[REQUIRED WORK] In the data below, find the line that contains "by exists i; last exact: R_trans R_ix R_xe." and the line that contains "move=> adj_jy; rewrite". Copy both, plus every line between them, exactly.

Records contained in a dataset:
(* Let $(G,\prec)$ be a POP-graph with input edges $i_1\prec i_2\prec\cdots\prec i_m$ and output edges $o_1\prec\cdots\prec o_n$. (1) For $e\in E(G)\setminus I(G)$ and $1\le k\le m$: $e\in P_k$ if and only if $i^+(e)=i_k$. (2) For $e\in E(G)\setminus O(G)$ and $1\le k\le n$: $e\in Q_k$ if and only if $o^-(e)=o_k$.
   Context: A progressive graph is a finite directed acyclic graph (parallel edges allowed) in which every source and every sink has degree one; degree-one vertices are boundary vertices. $I(G)$ is the set of input edges (initial vertex a boundary vertex), $O(G)$ the set of output edges (terminal vertex a boundary vertex). For edges write $e\to e'$ if $e\neq e'$ and there is a directed path whose first edge is $e$ and last edge is $e'$. A planar order on $G$ is a linear order $\prec$ on $E(G)$ such that (P1) $e_1\to e_2$ implies $e_1\prec e_2$; (P2) if $e_1\prec e_2\prec e_3$ and $e_1\to e_3$ then $e_1\to e_2$ or $e_2\to e_3$. A POP-graph is a progressive graph with a planar order. $i^+(e)$ is the $\prec$-maximum of $\{i\in I(G): i\to e\}$ and $o^-(e)$ the $\prec$-minimum of $\{o\in O(G): e\to o\}$. Intervals: $P_k=\{e: i_k\prec e\prec i_{k+1}\}$ for $1\le k\le m-1$, $P_m=\{e: i_m\prec e\}$; $Q_1=\{e: e\prec o_1\}$, $Q_k=\{e: o_{k-1}\prec e\prec o_k\}$ for $2\le k\le n$. *)

From mathcomp Require Import all_boot.
Set Implicit Arguments. Unset Strict Implicit. Unset Printing Implicit Defensive.

Section POP.
Variables (V E : finType) (src tgt : E -> V).

Definition adj : rel E := fun a b => tgt a == src b.

Definition reach (e e' : E) : Prop :=
  e <> e' /\ exists s : seq E, path adj e s /\ last e s = e'.

Definition acyclic : Prop :=
  forall (e : E) (s : seq E), path adj e s -> tgt (last e s) <> src e.

Definition indeg (v : V) : nat := #|[set e | tgt e == v]|.
Definition outdeg (v : V) : nat := #|[set e | src e == v]|.
Definition deg (v : V) : nat := indeg v + outdeg v.

Definition is_source (v : V) : bool := indeg v == 0.
Definition is_sink (v : V) : bool := outdeg v == 0.
Definition boundary (v : V) : bool := deg v == 1.

Definition progressive : Prop :=
  acyclic /\ (forall v, is_source v -> boundary v)
          /\ (forall v, is_sink v -> boundary v).

Definition is_input (e : E) : bool := boundary (src e).
Definition is_output (e : E) : bool := boundary (tgt e).

Definition linear_order (lt : rel E) : Prop :=
  (forall x, ~~ lt x x) /\
  (forall x y z, lt x y -> lt y z -> lt x z) /\
  (forall x y, x != y -> lt x y || lt y x).

Definition planar_order (lt : rel E) : Prop :=
  linear_order lt /\
  (forall e1 e2, reach e1 e2 -> lt e1 e2) /\
  (forall e1 e2 e3, lt e1 e2 -> lt e2 e3 -> reach e1 e3 ->
      reach e1 e2 \/ reach e2 e3).

Definition enumerates (P : pred E) (lt : rel E) (m : nat) (f : nat -> E) : Prop :=
  (forall k, 1 <= k <= m -> P (f k)) /\
  (forall k l, 1 <= k -> k < l -> l <= m -> lt (f k) (f l)) /\
  (forall e, P e -> exists2 k, 1 <= k <= m & e = f k).

Definition is_iplus (lt : rel E) (e i : E) : Prop :=
  is_input i /\ reach i e /\
  (forall j, is_input j -> reach j e -> j = i \/ lt j i).

Definition is_ominus (lt : rel E) (e o : E) : Prop :=
  is_output o /\ reach e o /\
  (forall j, is_output j -> reach e j -> j = o \/ lt o j).

Definition inP (lt : rel E) (m : nat) (inp : nat -> E) (k : nat) (e : E) : bool :=
  if k < m then lt (inp k) e && lt e (inp k.+1) else lt (inp k) e.

Definition inQ (lt : rel E) (out : nat -> E) (k : nat) (e : E) : bool :=
  if k == 1 then lt e (out 1) else lt (out k.-1) e && lt e (out k).

End POP.

(* Proof idea: nothing reaches an input edge, and walking backwards along incoming edges
   (which decrease in the planar order) shows that every other edge e is reached from some
   input.  Axiom (P2) then identifies i^+(e) with the last input preceding e: if
   i^+(e) < j < e for an input j, then (P2) gives j -> e, since i^+(e) -> j is impossible.
   Being the last input before e is exactly what membership of e in P_k says of i_k.
   Part (2) is part (1) for the converse order and converse reachability, the outputs
   being enumerated backwards. *)

From Pilot Require Import Defs.
From mathcomp Require Import all_boot zify.
Set Implicit Arguments. Unset Strict Implicit. Unset Printing Implicit Defensive.

Definition converse (T : Type) (r : rel T) : rel T := fun x y => r y x.

Section LinearOrder.
Variables (T : finType) (lt : rel T).
Hypothesis lt_linear : linear_order lt.

Lemma lt_irr x : lt x x = false.
Proof. by case: lt_linear => irr _; apply/negbTE/irr. Qed.

Lemma lt_trans y x z : lt x y -> lt y z -> lt x z.
Proof. by case: lt_linear => _ [tr _]; apply: tr. Qed.

Lemma lt_total x y : x != y -> lt x y || lt y x.
Proof. by case: lt_linear => _ [_ tot]; apply: tot. Qed.

Lemma lt_asym x y : lt x y -> lt y x = false.
Proof. by move=> lt_xy; apply/negbTE/negP => /(lt_trans lt_xy); rewrite lt_irr. Qed.

Lemma linear_order_converse : linear_order (converse lt).
Proof.
split=> [x|]; first by rewrite /converse lt_irr.
split=> [x y z lt_yx lt_zy | x y neq_xy]; first exact: lt_trans lt_zy lt_yx.
by rewrite /converse orbC lt_total.
Qed.

Definition rank (x : T) : nat := #|[pred y | lt y x]|.

Lemma rank_lt x y : lt x y -> rank x < rank y.
Proof.
move=> lt_xy; apply: proper_card; apply/properP; split.
  by apply/subsetP=> z; rewrite !inE => /lt_trans; apply.
by exists x; rewrite !inE ?lt_xy ?lt_irr.
Qed.

Variable I : pred T.

Definition last_before (e i : T) : Prop :=
  I i /\ lt i e /\ (forall j, I j -> lt j e -> j = i \/ lt j i).

Lemma inP_last_before m f e k : enumerates I lt m f -> ~~ I e -> 1 <= k <= m ->
  inP lt m f k e <-> last_before e (f k).
Proof.
move=> [f_I [f_incr f_onto]] nIe km; rewrite /inP.
split=> [Pk | [_ [lt_fk_e last_fk]]].
- have lt_fk_e : lt (f k) e by case: ifP Pk => _ // /andP[].
  split; [exact: f_I | split=> // j Ij lt_je].
  have [l lm j_fl] := f_onto j Ij; subst j.
  case: (ltngtP l k) => [lt_lk | lt_kl | ->]; [by right; apply: f_incr; lia | | by left].
  have lt_e_fk1 : lt e (f k.+1) by move: Pk; rewrite ifT; [case/andP | lia].
  have lt_e_fl : lt e (f l).
    case: (eqVneq l k.+1) => [-> // | ne_lk1].
    by apply: lt_trans lt_e_fk1 _; apply: f_incr; lia.
  by rewrite (lt_asym lt_e_fl) in lt_je.
- case: ifPn => // k_lt_m; rewrite lt_fk_e /=.
  have ne_fk1_e : f k.+1 != e by apply: contraNneq nIe => <-; apply: f_I; lia.
  case/orP: (lt_total ne_fk1_e) => // lt_fk1_e.
  have lt_fk_fk1 : lt (f k) (f k.+1) by apply: f_incr; lia.
  case: (last_fk _ (f_I k.+1 _) lt_fk1_e) => [|eq | lt_fk1_fk]; first lia.
    by rewrite eq lt_irr in lt_fk_fk1.
  by rewrite (lt_asym lt_fk_fk1) in lt_fk1_fk.
Qed.

End LinearOrder.

Lemma enumerates_converse (T : finType) (I : pred T) lt n f :
  enumerates I lt n f -> enumerates I (converse lt) n (fun k => f (n.+1 - k)).
Proof.
move=> [f_I [f_incr f_onto]]; split=> [k kn | ]; first by apply: f_I; lia.
split=> [k l k1 kl ln | e Ie]; first by apply: f_incr; lia.
have [k kn ->] := f_onto e Ie; exists (n.+1 - k); first lia.
by rewrite subKn //; lia.
Qed.

Lemma inQ_converse (T : finType) (lt : rel T) n f k e : 1 <= k <= n ->
  inQ lt f k e = inP (converse lt) n (fun k => f (n.+1 - k)) (n.+1 - k) e.
Proof.
move=> kn; rewrite /inQ /inP /converse subKn; last lia.
case: eqP => [-> | k_ne1]; first by rewrite ifF //; lia.
rewrite ifT; last lia.
by rewrite andbC (_ : n.+1 - (n.+1 - k).+1 = k.-1) //; lia.
Qed.

Lemma inQ_first_after (T : finType) (lt : rel T) (I : pred T) n f e k :
  linear_order lt -> enumerates I lt n f -> ~~ I e -> 1 <= k <= n ->
  inQ lt f k e <-> last_before (converse lt) I e (f k).
Proof.
move=> lt_linear f_enum nIe kn; rewrite (inQ_converse lt f e kn).
have := inP_last_before (linear_order_converse lt_linear) (enumerates_converse f_enum) nIe
  (k := n.+1 - k).
by rewrite /= subKn; [apply; lia | lia].
Qed.

Section Reaching.
Variables (T : finType) (lt : rel T) (R : T -> T -> Prop) (I : pred T).
Hypothesis lt_linear : linear_order lt.
Hypothesis R_lt : forall x y, R x y -> lt x y.
Hypothesis R_trans : forall x y z, R x y -> R y z -> R x z.
Hypothesis R_convex : forall x y z, lt x y -> lt y z -> R x z -> R x y \/ R y z.
Hypothesis I_unreached : forall x j, I j -> ~ R x j.
Hypothesis R_pred : forall j, ~~ I j -> exists x, R x j.

Definition last_reaching (e i : T) : Prop :=
  I i /\ R i e /\ (forall j, I j -> R j e -> j = i \/ lt j i).

Lemma reached_from_source e : ~~ I e -> exists2 i, I i & R i e.
Proof.
have [n] := ubnP (rank lt e); elim: n e => // n IH e /ltnSE le_en nIe.
have [x R_xe] := R_pred nIe.
have [Ix | nIx] := boolP (I x); first by exists x.
have [|i Ii R_ix] := IH x _ nIx; first exact: leq_trans (rank_lt lt_linear (R_lt R_xe)) le_en.
by exists i; last exact: R_trans R_ix R_xe.
Qed.

Lemma last_reaching_iff_before e i : ~~ I e -> last_reaching e i <-> last_before lt I e i.
Proof.
move=> nIe; split=> [[Ii [R_ie last_i]] | [Ii [lt_ie last_i]]].
- split=> //; split=> [|j Ij lt_je]; first exact: R_lt.
  have [-> | ne_ji] := eqVneq j i; first by left.
  case/orP: (lt_total lt_linear ne_ji) => [lt_ji | lt_ij]; first by right.
  by case: (R_convex lt_ij lt_je R_ie) => [/(I_unreached Ij) | /(last_i j Ij)].
- split=> //; split=> [|j Ij R_je]; last exact: last_i j Ij (R_lt R_je).
  have [i0 Ii0 R_i0e] := reached_from_source nIe.
  case: (last_i i0 Ii0 (R_lt R_i0e)) => [<- // | lt_i0i].
  by case: (R_convex lt_i0i lt_ie R_i0e) => // /(I_unreached Ii).
Qed.

End Reaching.

Lemma convex_converse (T : finType) (lt : rel T) (R : T -> T -> Prop) :
  (forall x y z, lt x y -> lt y z -> R x z -> R x y \/ R y z) ->
  forall x y z, converse lt x y -> converse lt y z -> R z x -> R y x \/ R z y.
Proof. by move=> R_convex x y z lt_yx lt_zy /(R_convex _ _ _ lt_zy lt_yx) []; [right | left]. Qed.

Section Graph.
Variables (V E : finType) (src tgt : E -> V).
Local Notation adj := (adj src tgt).
Local Notation reach := (reach src tgt).
Local Notation is_input := (is_input src tgt).
Local Notation is_output := (is_output src tgt).

Lemma adj_not_input y j : adj y j -> ~~ is_input j.
Proof.
move=> adj_yj; rewrite /Defs.is_input /boundary /deg.
have : 0 < indeg tgt (src j) by apply/card_gt0P; exists y; rewrite inE.
have : 0 < outdeg src (src j) by apply/card_gt0P; exists j; rewrite inE.
lia.
Qed.

Lemma adj_not_output j y : adj j y -> ~~ is_output j.
Proof.
move=> adj_jy; rewrite /Defs.is_output /boundary /deg.
have : 0 < indeg tgt (tgt j) by apply/card_gt0P; exists j; rewrite inE.
have : 0 < outdeg src (tgt j) by apply/card_gt0P; exists y; rewrite inE eq_sym.
lia.
Qed.

Lemma reach_last_adj x y : reach x y -> exists z, adj z y.
Proof.
case=> ne_xy [s []]; case/lastP: s => [_ /esym // | s z].
by rewrite rcons_path last_rcons => /andP[_ adj_z] <-; exists (last x s).
Qed.

Lemma reach_first_adj x y : reach x y -> exists z, adj x z.
Proof.
case=> ne_xy [[| z s] [/= p_zs last_s]]; first by case: ne_xy.
by case/andP: p_zs => adj_xz _; exists z.
Qed.

Lemma input_unreached x j : is_input j -> ~ reach x j.
Proof. by move=> Ij /reach_last_adj[z /adj_not_input]; rewrite Ij. Qed.

Lemma output_unreaching x j : is_output j -> ~ reach j x.
Proof. by move=> Oj /reach_first_adj[z /adj_not_output]; rewrite Oj. Qed.

Lemma reach_trans lt : planar_order src tgt lt ->
  forall x y z, reach x y -> reach y z -> reach x z.
Proof.
move=> [lin [reach_lt _]] x y z R_xy R_yz.
split.
  move=> eq_xz; have := lt_trans lin (reach_lt _ _ R_xy) (reach_lt _ _ R_yz).
  by rewrite eq_xz lt_irr.
case: R_xy R_yz => _ [s [p_s <-]] [_ [t [p_t <-]]].
by exists (s ++ t); rewrite cat_path last_cat p_s.
Qed.

Hypothesis prog : progressive src tgt.

Lemma adj_reach x y : adj x y -> reach x y.
Proof.
case: prog => acyc _ adj_xy; split; last by exists [:: y]; rewrite /= adj_xy.
by move=> eq_xy; rewrite eq_xy in adj_xy; apply: (acyc y [::]) => //; apply/eqP.
Qed.

Lemma not_input_reached j : ~~ is_input j -> exists x, reach x j.
Proof.
case: prog => _ [src_bnd _] nIj.
have /card_gt0P[y] : 0 < indeg tgt (src j).
  by rewrite lt0n; apply: contraNN nIj => /src_bnd.
by rewrite inE => adj_yj; exists y; apply: adj_reach.
Qed.

Lemma not_output_reaching j : ~~ is_output j -> exists x, reach j x.
Proof.
case: prog => _ [_ tgt_bnd] nOj.
have /card_gt0P[y] : 0 < outdeg src (tgt j).
  by rewrite lt0n; apply: contraNN nOj => /tgt_bnd.
by rewrite inE eq_sym => adj_jy; exists y; apply: adj_reach.
Qed.

End Graph.

Theorem lemma3p3 (V E : finType) (src tgt : E -> V) (lt : rel E)
  (m n : nat) (inp out : nat -> E) :
  progressive src tgt ->
  planar_order src tgt lt ->
  enumerates (is_input src tgt) lt m inp ->
  enumerates (is_output src tgt) lt n out ->
  (forall (e : E) (k : nat), ~~ is_input src tgt e -> 1 <= k <= m ->
      (inP lt m inp k e <-> is_iplus src tgt lt e (inp k))) /\
  (forall (e : E) (k : nat), ~~ is_output src tgt e -> 1 <= k <= n ->
      (inQ lt out k e <-> is_ominus src tgt lt e (out k))).
Proof.
move=> prog planar inp_enum out_enum.
have [lin [reach_lt convex]] := planar.
have reach_tr := reach_trans planar.
split=> e k nIe k_bound.
- apply: iff_trans (inP_last_before lin inp_enum nIe k_bound) (iff_sym _).
  exact: (last_reaching_iff_before lin reach_lt reach_tr convex
           (@input_unreached _ _ src tgt) (not_input_reached prog)).
- apply: iff_trans (inQ_first_after lin out_enum nIe k_bound) (iff_sym _).
  exact: (last_reaching_iff_before (R := fun x y => reach src tgt y x)
           (linear_order_converse lin) (fun x y => reach_lt y x)
           (fun x y z R_yx R_zy => reach_tr z y x R_zy R_yx) (convex_converse convex)
           (@output_unreaching _ _ src tgt) (not_output_reaching prog)).
Qed.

[EXPECTED ANSWER]
by exists i; last exact: R_trans R_ix R_xe.
Qed.

Lemma last_reaching_iff_before e i : ~~ I e -> last_reaching e i <-> last_before lt I e i.
Proof.
move=> nIe; split=> [[Ii [R_ie last_i]] | [Ii [lt_ie last_i]]].
- split=> //; split=> [|j Ij lt_je]; first exact: R_lt.
  have [-> | ne_ji] := eqVneq j i; first by left.
  case/orP: (lt_total lt_linear ne_ji) => [lt_ji | lt_ij]; first by right.
  by case: (R_convex lt_ij lt_je R_ie) => [/(I_unreached Ij) | /(last_i j Ij)].
- split=> //; split=> [|j Ij R_je]; last exact: last_i j Ij (R_lt R_je).
  have [i0 Ii0 R_i0e] := reached_from_source nIe.
  case: (last_i i0 Ii0 (R_lt R_i0e)) => [<- // | lt_i0i].
  by case: (R_convex lt_i0i lt_ie R_i0e) => // /(I_unreached Ii).
Qed.

End Reaching.

Lemma convex_converse (T : finType) (lt : rel T) (R : T -> T -> Prop) :
  (forall x y z, lt x y -> lt y z -> R x z -> R x y \/ R y z) ->
  forall x y z, converse lt x y -> converse lt y z -> R z x -> R y x \/ R z y.
Proof. by move=> R_convex x y z lt_yx lt_zy /(R_convex _ _ _ lt_zy lt_yx) []; [right | left]. Qed.

Section Graph.
Variables (V E : finType) (src tgt : E -> V).
Local Notation adj := (adj src tgt).
Local Notation reach := (reach src tgt).
Local Notation is_input := (is_input src tgt).
Local Notation is_output := (is_output src tgt).

Lemma adj_not_input y j : adj y j -> ~~ is_input j.
Proof.
move=> adj_yj; rewrite /Defs.is_input /boundary /deg.
have : 0 < indeg tgt (src j) by apply/card_gt0P; exists y; rewrite inE.
have : 0 < outdeg src (src j) by apply/card_gt0P; exists j; rewrite inE.
lia.
Qed.

Lemma adj_not_output j y : adj j y -> ~~ is_output j.
Proof.
move=> adj_jy; rewrite /Defs.is_output /boundary /deg.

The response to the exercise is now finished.